Todos contuvieron la respiración, nerviosos y expectantes, vacilaban entre el príncipe y el joven poeta. Ibn Wahbun volvió a sentarse, lentamente, apretando la copa con ambas manos contra su pecho, y exclamó con voz reverente:

—¡Vaya príncipe! ¡Su generosidad me derriba!

Antes de que los demás pudieran salir de su pasmo, el poeta se puso en pie de un salto —la copa ya no era más que un objeto sin valor colgando de su mano—, se colocó frente al príncipe y se puso a cantar un himno de alabanza.
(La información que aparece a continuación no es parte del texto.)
Lemma uniq_map_nthP (T U : eqType) (x0 : T) (f : T -> U) (s : seq T) :
  reflect (forall i j, i < size s -> j < size s -> i != j -> f (nth x0 s i) != f (nth x0 s j))
          (uniq (map f s)).
Proof.
apply: (iffP (uniqP (f x0))) => [f_inj i j lt_i lt_j|f_ne i j].
  by apply: contra_neq => eq_f; apply: f_inj; rewrite ?inE ?size_map ?(nth_map x0).
rewrite !inE size_map => lt_i lt_j; rewrite !(nth_map x0) // => eq_f.
by apply/eqP; apply: contraT => /(f_ne i j lt_i lt_j); rewrite eq_f eqxx.
Qed.

Unset Implicit Arguments.
Theorem proposition4p12 (k n : nat) (hkn : k <= n) :
  (* every member of the family is a matroid of rank k on n elements *)
  (forall l m, valid_par k n (l, m) ->
     is_matroid (Fam k n l m) /\ mrk (Fam k n l m) = k /\
     #|[set: ('I_m + ('I_(n - l - m) + 'I_l))%type]| = n) /\
  (* exactly k(n-k)+1 isomorphism classes: a complete list of pairwise
     non-isomorphic representatives of that size *)
  (exists s : seq (nat * nat),
     [/\ size s = k * (n - k) + 1,
         all (valid_par k n) s,
         (forall i j, i < size s -> j < size s -> i != j ->
            ~ miso (Fam k n (nth (0, 0) s i).1 (nth (0, 0) s i).2)
                   (Fam k n (nth (0, 0) s j).1 (nth (0, 0) s j).2)) &
         (forall l m, valid_par k n (l, m) ->
            exists2 i, i < size s &
              miso (Fam k n l m) (Fam k n (nth (0, 0) s i).1 (nth (0, 0) s i).2))]) /\
  (* Tutte polynomials of representatives of distinct classes are
     linearly independent in Z[x,y] *)
  (forall s : seq (nat * nat),
     all (valid_par k n) s ->
     (forall i j, i < size s -> j < size s -> i != j ->
        ~ miso (Fam k n (nth (0, 0) s i).1 (nth (0, 0) s i).2)
               (Fam k n (nth (0, 0) s j).1 (nth (0, 0) s j).2)) ->
     forall c : nat -> int,
       (\sum_(i < size s)
          c i *: tutte (Fam k n (nth (0%N, 0%N) s i).1 (nth (0%N, 0%N) s i).2) = 0)%R ->
       forall i, i < size s -> c i = 0%R).
Proof.
split=> [l m /andP[le_lk le_m_nk] | ].
  by split; [exact: is_matroid_Fam | split; [exact: mrk_Fam | exact: card_Fam le_lk le_m_nk hkn]].
split.
  have /(all_nthP (0, 0)) reps_valid := Fam_reps_valid k n.
  exists (Fam_reps k n); split.
  - exact: size_Fam_reps.
  - exact: Fam_reps_valid.
  - move=> i j lt_i lt_j ne_ij /tutte_miso.
    move=> /(tutte_Fam_class hkn (reps_valid i lt_i) (reps_valid j lt_j)).
    by apply/eqP; move/uniq_map_nthP: (Fam_reps_uniq k n); apply.
  - move=> l m v; have [i lt_i eq_cls] := Fam_reps_complete v.
    by exists i; last exact: miso_Fam_class v (reps_valid i lt_i) eq_cls.
move=> s s_valid s_noniso; have /(all_nthP (0, 0)) nth_valid := s_valid.
have s_uniq : uniq (map (Fam_class k n) s).
  apply/(uniq_map_nthP (0, 0)) => i j lt_i lt_j ne_ij; apply/eqP => eq_cls.
  exact: (s_noniso i j lt_i lt_j ne_ij
           (miso_Fam_class hkn (nth_valid i lt_i) (nth_valid j lt_j) eq_cls)).
exact: tutte_Fam_free hkn s_valid s_uniq.
Qed.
Su voz azotaba el salón como un viento huracanado, sus versos tenían la fuerza de un torrente, que arrasa todo a su paso. Todo lo anterior quedó olvidado. ¿La desfachatada impertinencia de sus palabras? Olvidada. ¿Su desvergonzada codicia? Ya tan sólo una sombra lejana en el recuerdo. El que hablaba ahora era un poeta capaz de hechizar con las palabras, cuya pasión era tan fuerte que lo envolvía todo.

Pues tuya es la fama, príncipe mío,

mas la fama es pasajera,

y como un corcel, espantadiza.

Sólo el poeta le pone las riendas

y la lleva colina arriba,

sólo mis versos, príncipe mío, te hacen inmortal.

Por ello a ti están consagrados.

Ibn Ammar vio que al–Mutamid se acomodaba en su asiento, enderezando los hombros bajo el ímpetu de los versos de Ibn Wahbun y asumiendo una postura forzadamente regia, como queriendo mostrarse digno de esos himnos de alabanza. Su cólera se había aplacado hacía ya un buen rato, la expresión de ofendida arrogancia de su rostro había dejado paso a un complacido orgullo, su borrachera parecía haberse disipado por completo.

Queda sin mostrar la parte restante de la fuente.